A grand jury indicted Trump late Monday night for his alleged efforts to overturn the 2020 presidential election in Georgia. 18 others, including Trump allies Rudy Giuliani, John Eastman, Sidney Powell, Jeffrey Clark and Kenneth Chesebro, were indicted along with the former president.

Former Chief of Staff Mark Meadows has also been indicted and charged with racketeering and solicitation of violation of oath by a public officer in relation to setting up a call between Trump and Secretary of State Brad Raffensperger. Meadows filed a motion to have his case moved from state court to federal court on the grounds that, as federal law stipulates, he was an “officer of the United States” acting “under color of such office.”

Honig said Trump is likely to make the same argument, prompting host John Berman to ask why Meadows and Trump would want to get their case moved to federal court.

“Well, if this case is charged in only Fulton County … the jury will be very anti-Trump.

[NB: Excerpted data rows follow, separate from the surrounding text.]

(* Under the hypotheses and notation of the following setup: $d>0$, $\ell$ a certified lower bound with certificate matrix $\Lambda$, $f(d,\ell)=1$, $i\in\{1,\dots,m\}$, $L_i:=a_i^\top y(d,\ell)-\gamma_i(d,\ell)$, $\hat\lambda_i:=\gamma_i(d,\ell)Dt(d,\ell)-DA^\top B(d)^{-1}a_i$, $\tilde\lambda_i:=\Lambda\hat\lambda_i^-+\hat\lambda_i^+$: if $L_i>u_i$, then $\bar\lambda_i:=\tilde\lambda_i+e_i$ satisfies $A\bar\lambda_i=0$, $\bar\lambda_i\ge0$, $u^\top\bar\lambda_i<0$ (so it is a type-L certificate of infeasibility of $A^\top x\le u$).
   Context: Standing assumption: $A=[a_1|\cdots|a_m]\in\mathbb{R}^{n\times m}$ has columns of unit Euclidean norm and $\{A\lambda:\lambda\ge0\}=\mathbb{R}^n$; $u\in\mathbb{R}^m$. $D=\mathrm{diag}(d)$; $r(\ell)=\tfrac12(u+\ell)$, $v(\ell)=\tfrac12(u-\ell)$, $B(d)=ADA^\top$, $y(d,\ell)=B(d)^{-1}ADr(\ell)$, $t(d,\ell)=A^\top y(d,\ell)-r(\ell)$, $f(d,\ell)=v(\ell)^\top Dv(\ell)-t(d,\ell)^\top Dt(d,\ell)$, $\gamma_i(d,\ell)=\sqrt{f(d,\ell)a_i^\top B(d)^{-1}a_i}$ when $f(d,\ell)>0$. $\ell$ is a certified lower bound with certificate matrix $\Lambda\in\mathbb{R}^{m\times m}$ if $A\Lambda=-A$, $\Lambda\ge0$, $-\Lambda^\top u\ge\ell$. $w^\pm$ denote positive/negative parts; $e_i$ is the $i$-th unit vector. *)

(* matrices over an arbitrary real closed field R
   (real closed so that Num.sqrt is available for gamma_i). *)
From HB Require Import structures.
From mathcomp Require Import all_boot all_order all_algebra.
Set Implicit Arguments. Unset Strict Implicit. Unset Printing Implicit Defensive.
Import Order.TTheory GRing.Theory Num.Theory.
Local Open Scope ring_scope.

Section Defs.
Variable R : rcfType.
Variables n m : nat.
Implicit Types (A : 'M[R]_(n, m)) (u d l : 'cV[R]_m).

Definition Dm d : 'M[R]_m := diag_mx d^T.
Definition rv u l : 'cV[R]_m := (2%:R)^-1 *: (u + l).
Definition vv u l : 'cV[R]_m := (2%:R)^-1 *: (u - l).
Definition Bm A d : 'M[R]_n := A *m Dm d *m A^T.
Definition yv A u d l : 'cV[R]_n := invmx (Bm A d) *m (A *m (Dm d *m rv u l)).
Definition tv A u d l : 'cV[R]_m := A^T *m yv A u d l - rv u l.
Definition fv A u d l : R :=
  (((vv u l)^T *m Dm d *m vv u l) - ((tv A u d l)^T *m Dm d *m tv A u d l)) ord0 ord0.
(* gamma_i(d,l) = sqrt(f(d,l) a_i^T B(d)^{-1} a_i)   (meaningful when f > 0) *)
Definition gammav A u d l (i : 'I_m) : R :=
  Num.sqrt (fv A u d l * ((col i A)^T *m invmx (Bm A d) *m col i A) ord0 ord0).
Definition pospart (k : nat) (w : 'cV[R]_k) : 'cV[R]_k := map_mx (fun x => Num.max x 0) w.
Definition negpart (k : nat) (w : 'cV[R]_k) : 'cV[R]_k := map_mx (fun x => Num.max (- x) 0) w.
Definition evec (i : 'I_m) : 'cV[R]_m := delta_mx i ord0.
End Defs.
Arguments evec {R m} i.

(* An l-certificate Lam turns any w into Lam w^- + w^+, which has the same image
   under A, is nonnegative, and (since Lam^T u <= -l) costs at most
   sum_j (r_j w_j + v_j |w_j|) against u.  Take w = lamhat_i = D z with
   z = gamma t - A^T B^-1 a_i.  Because A D t = 0, A D z = -a_i, and the same
   D-orthogonality gives r^T D z = -gamma t^T D t - a_i^T y and
   z^T D z = gamma^2 t^T D t + a_i^T B^-1 a_i = gamma^2 v^T D v when f = 1.
   Cauchy-Schwarz then bounds sum_j v_j d_j |z_j| by gamma v^T D v, so the cost
   of the lift is at most gamma - a_i^T y = -L_i, and adding e_i gives
   u_i - L_i < 0. *)
From HB Require Import structures.
From mathcomp Require Import all_boot all_order all_algebra.
From mathcomp Require Import ring lra.
Import Order.TTheory GRing.Theory Num.Theory.
Set Implicit Arguments.
Unset Strict Implicit.
Unset Printing Implicit Defensive.
Local Open Scope ring_scope.

Section WeightedSums.
Variable R : realFieldType.

Lemma weighted_CauchySchwarz (I : finType) (p w q : I -> R) :
  (forall j, 0 <= w j) ->
  (\sum_j p j * w j * q j) ^+ 2 <=
    (\sum_j p j * w j * p j) * (\sum_j q j * w j * q j).
Proof.
move=> w_ge0; set S := \sum_j p j * w j * q j.
set P := \sum_j p j * w j * p j; set Q := \sum_j q j * w j * q j.
have disc x : 0 <= x ^+ 2 * P - 2 * x * S + Q.
  have -> : x ^+ 2 * P - 2 * x * S + Q =
            \sum_j (x * p j - q j) * w j * (x * p j - q j).
    by rewrite !mulr_sumr -sumrB -big_split /=; apply: eq_bigr => j _; ring.
  by apply: sumr_ge0 => j _; rewrite mulrC mulrA -expr2 mulr_ge0 ?sqr_ge0.
have P_ge0 : 0 <= P.
  by apply: sumr_ge0 => j _; rewrite mulrC mulrA -expr2 mulr_ge0 ?sqr_ge0.
have [P0 | P_gt0] := eqVneq P 0.
  have [->| S_neq0] := eqVneq S 0; first by rewrite P0 mul0r expr0n.
  have := disc ((Q + 1) / (2 * S)).
  have -> : ((Q + 1) / (2 * S)) ^+ 2 * P - 2 * ((Q + 1) / (2 * S)) * S + Q = -1.
    by rewrite P0; field.
  by rewrite oppr_ge0 ler10.
have {}P_gt0 : 0 < P by rewrite lt_neqAle eq_sym P_gt0.
have := disc (S / P).
have -> : (S / P) ^+ 2 * P - 2 * (S / P) * S + Q = Q - S ^+ 2 / P.
  by field; rewrite gt_eqF.
by rewrite subr_ge0 ler_pdivrMr // mulrC.
Qed.

Lemma cost_pos_neg (u l x : R) :
  u * Num.max x 0 - l * Num.max (- x) 0 =
    2^-1 * (u + l) * x + 2^-1 * (u - l) * `|x|.
Proof.
have [x_ge0 | x_lt0] := lerP 0 x.
  by rewrite max_r ?oppr_le0 // ger0_norm //; field.
by rewrite max_l ?oppr_ge0 ?ltW // ltr0_norm //; field.
Qed.

End WeightedSums.

Section DiagonalForms.
Variable R : rcfType.

Lemma dot_colE k (p q : 'cV[R]_k) :
  (p^T *m q) ord0 ord0 = \sum_j p j ord0 * q j ord0.
Proof. by rewrite mxE; apply: eq_bigr => j _; rewrite mxE. Qed.

Lemma quad_DmE k (p e q : 'cV[R]_k) :
  (p^T *m Dm e *m q) ord0 ord0 = \sum_j p j ord0 * e j ord0 * q j ord0.
Proof.
rewrite /Dm mul_mx_diag mxE; apply: eq_bigr => j _.
by rewrite !mxE (_ : 0 = ord0) //; apply: val_inj.
Qed.

Lemma quad_DmC k (p e q : 'cV[R]_k) :
  (p^T *m Dm e *m q) ord0 ord0 = (q^T *m Dm e *m p) ord0 ord0.
Proof. by rewrite !quad_DmE; apply: eq_bigr => j _; ring. Qed.

Lemma trmx_Dm k (e : 'cV[R]_k) : (Dm e)^T = Dm e.
Proof. exact: tr_diag_mx. Qed.

Lemma mul_Dm_mxE k (e q : 'cV[R]_k) j : (Dm e *m q) j ord0 = e j ord0 * q j ord0.
Proof. by rewrite /Dm mul_diag_mx !mxE. Qed.

Lemma quad_Dm_ge0 k (e p : 'cV[R]_k) : (forall j, 0 <= e j ord0) ->
  0 <= (p^T *m Dm e *m p) ord0 ord0.
Proof.
move=> e_ge0; rewrite quad_DmE; apply: sumr_ge0 => j _.
by rewrite mulrC mulrA -expr2 mulr_ge0 ?sqr_ge0.
Qed.

Lemma quad_Dm_eq0 k (e p : 'cV[R]_k) : (forall j, 0 < e j ord0) ->
  (p^T *m Dm e *m p) ord0 ord0 = 0 -> p = 0.
Proof.
move=> e_gt0; rewrite quad_DmE.
have sqE j : p j ord0 * e j ord0 * p j ord0 = p j ord0 ^+ 2 * e j ord0.
  by rewrite mulrC mulrA -expr2.
move=> /psumr_eq0P p0; apply/matrixP => j o; rewrite (ord1 o) mxE.
have /eqP : p j ord0 ^+ 2 * e j ord0 = 0.
  by rewrite -sqE; apply: p0 => // i _; rewrite sqE mulr_ge0 ?sqr_ge0 ?ltW.
by rewrite mulf_eq0 sqrf_eq0 (gt_eqF (e_gt0 j)) orbF => /eqP.
Qed.

Lemma pospart_sub_negpart k (w : 'cV[R]_k) : pospart w - negpart w = w.
Proof.
apply/matrixP => j o; rewrite !mxE.
have [w_ge0 | w_lt0] := lerP 0 (w j o).
  by rewrite max_r ?subr0 // oppr_le0.
by rewrite max_l ?sub0r ?opprK // oppr_ge0 ltW.
Qed.

Lemma pospart_ge0 k (w : 'cV[R]_k) j : 0 <= pospart w j ord0.
Proof. by rewrite mxE le_max lexx orbT. Qed.

Lemma negpart_ge0 k (w : 'cV[R]_k) j : 0 <= negpart w j ord0.
Proof. by rewrite mxE le_max lexx orbT. Qed.

End DiagonalForms.

Section CertifiedLift.
Variables (R : rcfType) (n m : nat).
Implicit Types (A : 'M[R]_(n, m)) (Lam : 'M[R]_m) (u l w : 'cV[R]_m).

Definition cert_lift Lam w : 'cV[R]_m := Lam *m negpart w + pospart w.

Lemma mulmx_cert_lift A Lam w : A *m Lam = - A -> A *m cert_lift Lam w = A *m w.
Proof.
move=> ALam; rewrite /cert_lift mulmxDr mulmxA ALam mulNmx addrC.
by rewrite -mulmxBr pospart_sub_negpart.
Qed.

Lemma cert_lift_ge0 Lam w j : (forall j k, 0 <= Lam j k) ->
  0 <= cert_lift Lam w j ord0.
Proof.
move=> Lam_ge0; rewrite mxE addr_ge0 ?pospart_ge0 // mxE.
by apply: sumr_ge0 => k _; rewrite mulr_ge0 ?negpart_ge0.
Qed.

Lemma cost_cert_lift_le Lam u l w :
  (forall j, l j ord0 <= (- (Lam^T *m u)) j ord0) ->
  (u^T *m cert_lift Lam w) ord0 ord0 <=
    \sum_j (rv u l j ord0 * w j ord0 + vv u l j ord0 * `|w j ord0|).
Proof.
move=> cert; rewrite /cert_lift mulmxDr mulmxA -[u^T *m Lam]trmxK trmx_mul trmxK.
rewrite mxE !dot_colE -big_split /=; apply: ler_sum => j _.
rewrite !mxE -cost_pos_neg addrC lerD2l -mulNr ler_wpM2r ?le_max ?lexx ?orbT //.
by rewrite lerNr; have := cert j; rewrite !mxE.
Qed.

End CertifiedLift.

(* [lamhat_i = Dm d *m zv A u d l (gammav A u d l i) (col i A)]. *)
Definition zv (R : rcfType) (n m : nat) (A : 'M[R]_(n, m)) (u d l : 'cV[R]_m)
    (g : R) (b : 'cV[R]_n) : 'cV[R]_m :=
  g *: tv A u d l - A^T *m (invmx (Bm A d) *m b).

Section DualDirection.
Variables (R : rcfType) (n m : nat) (A : 'M[R]_(n, m)) (u d l : 'cV[R]_m).
Hypothesis d_gt0 : forall j, 0 < d j ord0.
Hypothesis A_surj : forall x : 'cV[R]_n, exists lam, A *m lam = x.
Implicit Types (g : R) (b : 'cV[R]_n).

Local Notation D := (Dm d).
Local Notation B := (Bm A d).
Local Notation r := (rv u l).
Local Notation t := (tv A u d l).
Local Notation quad p := ((p^T *m Dm d *m p) ord0 ord0).

Lemma Bm_unit : B \in unitmx.
Proof.
rewrite unitmxE unitfE; apply/negP => /det0P [v v_neq0 vB].
have vA : v *m A = 0.
  have vAT0 : (v *m A)^T = 0.
    apply: (quad_Dm_eq0 d_gt0); rewrite trmxK trmx_mul.
    by rewrite !mulmxA -(mulmxA v) -(mulmxA v) -/(Bm A d) vB !mul0mx mxE.
  by rewrite -[v *m A]trmxK vAT0 trmx0.
move/eqP: v_neq0; apply; apply/matrixP => o k.
have [lam Alam] := A_surj (delta_mx k ord0).
have := congr1 (fun x => (v *m x) o ord0) Alam.
by rewrite /= mulmxA vA mul0mx -colE !mxE => <-.
Qed.

Lemma trmx_invBm : (invmx B)^T = invmx B.
Proof. by rewrite trmx_inv /Bm !trmx_mul trmxK trmx_Dm mulmxA. Qed.

Lemma A_Dm_tv : A *m (D *m t) = 0.
Proof.
have BBi : B *m invmx B = 1%:M := mulmxV Bm_unit.
by rewrite /tv /yv mulmxBr mulmxBr !mulmxA BBi mul1mx subrr.
Qed.

Lemma tv_Dm_orth (q : 'cV[R]_n) : t^T *m D *m (A^T *m q) = 0.
Proof.
have -> : t^T *m D *m (A^T *m q) = (A *m (D *m t))^T *m q.
  by rewrite !trmx_mul trmx_Dm !mulmxA.
by rewrite A_Dm_tv trmx0 mul0mx.
Qed.

Lemma quad_rv_tv : (r^T *m D *m t) ord0 ord0 = - quad t.
Proof.
have := tv_Dm_orth (yv A u d l).
have -> : A^T *m yv A u d l = t + r by rewrite /tv subrK.
rewrite mulmxDr => /eqP; rewrite addr_eq0 => /eqP ->.
by rewrite [in RHS]mxE opprK quad_DmC.
Qed.

Local Notation c b := (A^T *m (invmx B *m b)).

Lemma A_Dm_zv g b : A *m (D *m zv A u d l g b) = - b.
Proof.
rewrite /zv !mulmxBr -!scalemxAr A_Dm_tv scaler0 sub0r !mulmxA.
by rewrite (mulmxV Bm_unit) mul1mx.
Qed.

Lemma quad_rv_zv g b :
  (r^T *m D *m zv A u d l g b) ord0 ord0 =
    - (g * quad t) - (b^T *m yv A u d l) ord0 ord0.
Proof.
have rDc : r^T *m D *m c b = (b^T *m yv A u d l)^T.
  by rewrite /yv !trmx_mul !trmxK trmx_invBm trmx_Dm !mulmxA.
rewrite /zv mulmxBr -scalemxAr rDc [LHS]mxE [X in X + _]mxE [X in _ + X]mxE.
by rewrite quad_rv_tv mulrN [_^T ord0 ord0]mxE.
Qed.

Lemma quad_invBm b : quad (c b) = (b^T *m invmx B *m b) ord0 ord0.
Proof.
rewrite trmx_mul trmx_mul trmx_invBm trmxK -!mulmxA (mulmxA A) (mulmxA (A *m D)).
by rewrite (mulmxA (invmx B) B) (mulVmx Bm_unit) mul1mx mulmxA.
Qed.

Lemma invBm_form_ge0 b : 0 <= (b^T *m invmx B *m b) ord0 ord0.
Proof. by rewrite -quad_invBm quad_Dm_ge0 // => j; apply/ltW. Qed.

Lemma quad_zv g b :
  quad (zv A u d l g b) = g ^+ 2 * quad t + (b^T *m invmx B *m b) ord0 ord0.
Proof.
have tDc : t^T *m D *m c b = 0 by exact: tv_Dm_orth.
have cDt : (c b)^T *m D *m t = 0.
  by rewrite trmx_mul trmxK -!mulmxA A_Dm_tv !mulmx0.
rewrite /zv [(_ - _)^T]linearB /= [(g *: t)^T]linearZ /= ![in LHS]mulmxBl.
rewrite ![in LHS]mulmxBr -![in LHS]scalemxAl -![in LHS]scalemxAr tDc cDt.
rewrite scaler0 subr0 sub0r opprK scalerA -expr2 [LHS]mxE [X in X + _]mxE.
by rewrite quad_invBm.
Qed.

Lemma cost_zv_le g b :
  0 <= g -> (b^T *m invmx B *m b) ord0 ord0 = g ^+ 2 * fv A u d l ->
  \sum_j (r j ord0 * (D *m zv A u d l g b) j ord0
           + vv u l j ord0 * `|(D *m zv A u d l g b) j ord0|)
    <= g * fv A u d l - (b^T *m yv A u d l) ord0 ord0.
Proof.
move=> g_ge0 beta_g; set z := zv A u d l g b.
set v := vv u l; set nu : R := quad v.
set S := \sum_j v j ord0 * d j ord0 * `|z j ord0|.
have f_nu : fv A u d l = nu - quad t by rewrite /fv [LHS]mxE [X in _ + X]mxE.
have d_ge0 j : 0 <= d j ord0 by exact/ltW.
have nu_ge0 : 0 <= nu by exact: quad_Dm_ge0.
have quad_z : quad z = g ^+ 2 * nu.
  by rewrite quad_zv beta_g f_nu; ring.
have S_le : S <= g * nu.
  have := weighted_CauchySchwarz (fun j => v j ord0) (fun j => `|z j ord0|) d_ge0.
  have -> : \sum_j `|z j ord0| * d j ord0 * `|z j ord0| = quad z.
    rewrite quad_DmE; apply: eq_bigr => j _.
    by rewrite mulrAC -expr2 real_normK ?num_real // expr2 mulrAC.
  rewrite -quad_DmE -/S quad_z (_ : nu * _ = (g * nu) ^+ 2); last by ring.
  have : 0 <= g * nu by exact: mulr_ge0.
  move: (g * nu) => c; nra.
have Dz j : (D *m z) j ord0 = d j ord0 * z j ord0 := mul_Dm_mxE d z j.
under eq_bigr => j _ do rewrite Dz normrM (gtr0_norm (d_gt0 j)) !mulrA.
rewrite big_split /= -quad_DmE -/S quad_rv_zv f_nu mulrBr; lra.
Qed.

End DualDirection.

Theorem corollary3 (R : rcfType) (n m : nat) (A : 'M[R]_(n, m)) (u : 'cV[R]_m)
  (* columns of A have unit Euclidean norm *)
  (hunit : forall j : 'I_m, \sum_(k < n) (A k j) ^+ 2 = 1)
  (* the conic hull of the columns of A is R^n *)
  (hspan : forall x : 'cV[R]_n,
      exists lam : 'cV[R]_m, (forall j, 0 <= lam j ord0) /\ A *m lam = x)
  (d l : 'cV[R]_m) (hd : forall j, 0 < d j ord0)
  (Lam : 'M[R]_m)
  (* l is a certified lower bound with certificate matrix Lam *)
  (hcert1 : A *m Lam = - A)
  (hcert2 : forall j k, 0 <= Lam j k)
  (hcert3 : forall j, l j ord0 <= (- (Lam^T *m u)) j ord0)
  (hf : fv A u d l = 1)
  (i : 'I_m) :
  let Li := ((col i A)^T *m yv A u d l) ord0 ord0 - gammav A u d l i in
  let lamhat := gammav A u d l i *: (Dm d *m tv A u d l)
                - Dm d *m A^T *m invmx (Bm A d) *m col i A in
  let lamtil := Lam *m negpart lamhat + pospart lamhat in
  let lambar := lamtil + evec i in
  u i ord0 < Li ->
  [/\ A *m lambar = 0,
      (forall j, 0 <= lambar j ord0) &
      ((u^T *m lambar) ord0 ord0 < 0)].
Proof.
move=> Li lamhat lamtil lambar u_lt_L.
have A_surj (x : 'cV[R]_n) : exists lam, A *m lam = x.
  by have [lam [_ ?]] := hspan x; exists lam.
set g := gammav A u d l i; set a := col i A.
have lamhatE : lamhat = Dm d *m zv A u d l g a.
  by rewrite /lamhat /zv [in RHS]mulmxBr -[in RHS]scalemxAr ![in RHS]mulmxA.
have lambarE : lambar = cert_lift Lam lamhat + evec i by [].
have Ae : A *m evec i = a by rewrite /a colE.
split.
- by rewrite lambarE mulmxDr mulmx_cert_lift // lamhatE A_Dm_zv // Ae addNr.
- move=> j; rewrite lambarE mxE addr_ge0 ?cert_lift_ge0 //.
  by rewrite /evec mxE ler0n.
have g_ge0 : 0 <= g := sqrtr_ge0 _.
have beta_g : (a^T *m invmx (Bm A d) *m a) ord0 ord0 = g ^+ 2 * fv A u d l.
  by rewrite hf mulr1 /g /gammav hf mul1r sqr_sqrtr // invBm_form_ge0.
have cost_split : (u^T *m lambar) ord0 ord0 =
                  (u^T *m cert_lift Lam lamhat) ord0 ord0 + u i ord0.
  by rewrite lambarE mulmxDr [LHS]mxE /evec -colE [X in _ + X]mxE [X in _ + X]mxE.
have := cost_cert_lift_le lamhat hcert3.
have := cost_zv_le hd A_surj g_ge0 beta_g.
rewrite cost_split -lamhatE hf.
move: u_lt_L; rewrite /Li -/g; lra.
Qed.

The count in 2020 was about 72 percent for Biden, 26 for Trump,” Honig said, with both he and Berman noting two counties just north of Fulton are “way better for Trump” since he won them in the 2020 election.


“If they get into federal court the jury will be drawn from the entire northern district of Georgia which is basically all of these counties,” Honig noted, drawing a wide circle on a map of the state. “If they stay in Fani Willis’ court, it’s gonna be all from Fulton County.” (RELATED: CNN Legal Analyst Elie Honig Lays Out Disadvantages In Georgia Trump Indictments)

Concerns about the jury pool have already arisen, with Georgia State University Constitutional Law professor Eric Segall saying Tuesday that race would play a role in the case.

Segall said Trump “is probably a little more sensitive to black women than he is to other people and the Fulton County jury pool is going to be largely African-American.”